● **To do**: Below are the records; copy exactly the stretch from the line containing "b); congr cat." through the line containing "Proof. by case: x => [[|]|]. Qed.", both ends included, and nothing else.

(Supplied information begins)

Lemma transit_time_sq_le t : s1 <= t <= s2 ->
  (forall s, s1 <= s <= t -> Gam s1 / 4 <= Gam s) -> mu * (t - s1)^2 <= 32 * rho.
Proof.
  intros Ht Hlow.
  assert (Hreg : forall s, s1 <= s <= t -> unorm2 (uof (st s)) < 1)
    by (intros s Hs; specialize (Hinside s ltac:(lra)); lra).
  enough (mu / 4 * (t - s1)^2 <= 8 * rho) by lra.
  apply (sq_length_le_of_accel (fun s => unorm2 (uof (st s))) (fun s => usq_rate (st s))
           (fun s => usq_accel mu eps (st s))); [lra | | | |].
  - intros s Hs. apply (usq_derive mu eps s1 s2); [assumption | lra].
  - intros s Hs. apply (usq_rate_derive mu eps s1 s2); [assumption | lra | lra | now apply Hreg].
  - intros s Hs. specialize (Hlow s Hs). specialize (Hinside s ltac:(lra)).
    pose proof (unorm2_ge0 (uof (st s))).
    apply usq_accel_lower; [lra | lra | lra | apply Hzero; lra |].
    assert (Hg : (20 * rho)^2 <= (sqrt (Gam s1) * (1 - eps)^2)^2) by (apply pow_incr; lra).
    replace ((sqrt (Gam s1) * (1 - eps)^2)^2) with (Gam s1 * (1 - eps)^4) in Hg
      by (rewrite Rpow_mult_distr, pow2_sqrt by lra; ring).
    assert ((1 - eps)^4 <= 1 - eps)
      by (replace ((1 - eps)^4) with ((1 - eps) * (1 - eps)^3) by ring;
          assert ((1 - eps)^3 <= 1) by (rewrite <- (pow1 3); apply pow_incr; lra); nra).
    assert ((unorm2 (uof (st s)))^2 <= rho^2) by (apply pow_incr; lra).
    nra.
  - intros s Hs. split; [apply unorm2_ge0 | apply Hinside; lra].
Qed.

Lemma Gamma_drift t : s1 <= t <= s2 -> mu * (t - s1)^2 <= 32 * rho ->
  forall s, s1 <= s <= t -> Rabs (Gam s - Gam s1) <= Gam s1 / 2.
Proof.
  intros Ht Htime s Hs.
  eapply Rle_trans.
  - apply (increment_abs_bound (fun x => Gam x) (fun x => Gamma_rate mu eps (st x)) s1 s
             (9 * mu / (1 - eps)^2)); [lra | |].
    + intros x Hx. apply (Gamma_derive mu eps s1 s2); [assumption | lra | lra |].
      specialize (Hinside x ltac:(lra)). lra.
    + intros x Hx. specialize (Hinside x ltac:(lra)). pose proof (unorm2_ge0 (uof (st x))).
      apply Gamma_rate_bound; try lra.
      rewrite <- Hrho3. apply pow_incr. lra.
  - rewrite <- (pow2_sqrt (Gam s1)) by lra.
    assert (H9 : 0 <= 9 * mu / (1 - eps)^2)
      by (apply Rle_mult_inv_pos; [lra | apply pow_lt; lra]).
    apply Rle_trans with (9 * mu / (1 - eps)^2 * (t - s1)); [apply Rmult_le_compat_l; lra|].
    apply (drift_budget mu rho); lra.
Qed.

(Supplied information ends)
(Supplied information begins)

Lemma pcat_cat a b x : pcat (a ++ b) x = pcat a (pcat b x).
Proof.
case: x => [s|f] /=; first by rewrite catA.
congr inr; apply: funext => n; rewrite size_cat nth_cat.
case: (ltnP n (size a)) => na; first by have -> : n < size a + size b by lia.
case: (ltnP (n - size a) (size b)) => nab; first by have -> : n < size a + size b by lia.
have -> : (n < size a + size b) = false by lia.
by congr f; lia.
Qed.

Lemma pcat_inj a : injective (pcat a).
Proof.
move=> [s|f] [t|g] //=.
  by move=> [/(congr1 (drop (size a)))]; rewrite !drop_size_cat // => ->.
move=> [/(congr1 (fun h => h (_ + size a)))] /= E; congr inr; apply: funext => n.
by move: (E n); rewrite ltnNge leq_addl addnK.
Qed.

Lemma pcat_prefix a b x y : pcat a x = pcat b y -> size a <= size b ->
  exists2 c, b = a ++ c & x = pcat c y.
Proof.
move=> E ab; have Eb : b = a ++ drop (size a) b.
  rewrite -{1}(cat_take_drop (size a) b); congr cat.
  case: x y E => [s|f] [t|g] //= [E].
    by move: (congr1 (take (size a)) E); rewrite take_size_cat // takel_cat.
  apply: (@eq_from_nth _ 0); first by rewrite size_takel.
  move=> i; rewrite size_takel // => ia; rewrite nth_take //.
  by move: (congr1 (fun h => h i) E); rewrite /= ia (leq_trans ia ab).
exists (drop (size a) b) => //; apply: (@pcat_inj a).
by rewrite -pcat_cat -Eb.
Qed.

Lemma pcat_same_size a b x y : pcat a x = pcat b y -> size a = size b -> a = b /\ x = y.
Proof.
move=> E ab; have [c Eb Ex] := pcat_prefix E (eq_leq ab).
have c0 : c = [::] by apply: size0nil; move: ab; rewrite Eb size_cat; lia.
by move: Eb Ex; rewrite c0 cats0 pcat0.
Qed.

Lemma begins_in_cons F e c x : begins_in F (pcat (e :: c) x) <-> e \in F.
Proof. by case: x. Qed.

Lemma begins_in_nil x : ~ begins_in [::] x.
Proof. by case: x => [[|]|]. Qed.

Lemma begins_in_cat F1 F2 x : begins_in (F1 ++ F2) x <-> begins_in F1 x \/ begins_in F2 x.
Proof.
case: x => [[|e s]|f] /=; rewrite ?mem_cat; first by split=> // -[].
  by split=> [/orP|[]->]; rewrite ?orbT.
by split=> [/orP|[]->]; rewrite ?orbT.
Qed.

(Supplied information ends)

● **Task answer**:
  rewrite -{1}(cat_take_drop (size a) b); congr cat.
  case: x y E => [s|f] [t|g] //= [E].
    by move: (congr1 (take (size a)) E); rewrite take_size_cat // takel_cat.
  apply: (@eq_from_nth _ 0); first by rewrite size_takel.
  move=> i; rewrite size_takel // => ia; rewrite nth_take //.
  by move: (congr1 (fun h => h i) E); rewrite /= ia (leq_trans ia ab).
exists (drop (size a) b) => //; apply: (@pcat_inj a).
by rewrite -pcat_cat -Eb.
Qed.

Lemma pcat_same_size a b x y : pcat a x = pcat b y -> size a = size b -> a = b /\ x = y.
Proof.
move=> E ab; have [c Eb Ex] := pcat_prefix E (eq_leq ab).
have c0 : c = [::] by apply: size0nil; move: ab; rewrite Eb size_cat; lia.
by move: Eb Ex; rewrite c0 cats0 pcat0.
Qed.

Lemma begins_in_cons F e c x : begins_in F (pcat (e :: c) x) <-> e \in F.
Proof. by case: x. Qed.

Lemma begins_in_nil x : ~ begins_in [::] x.
Proof. by case: x => [[|]|]. Qed.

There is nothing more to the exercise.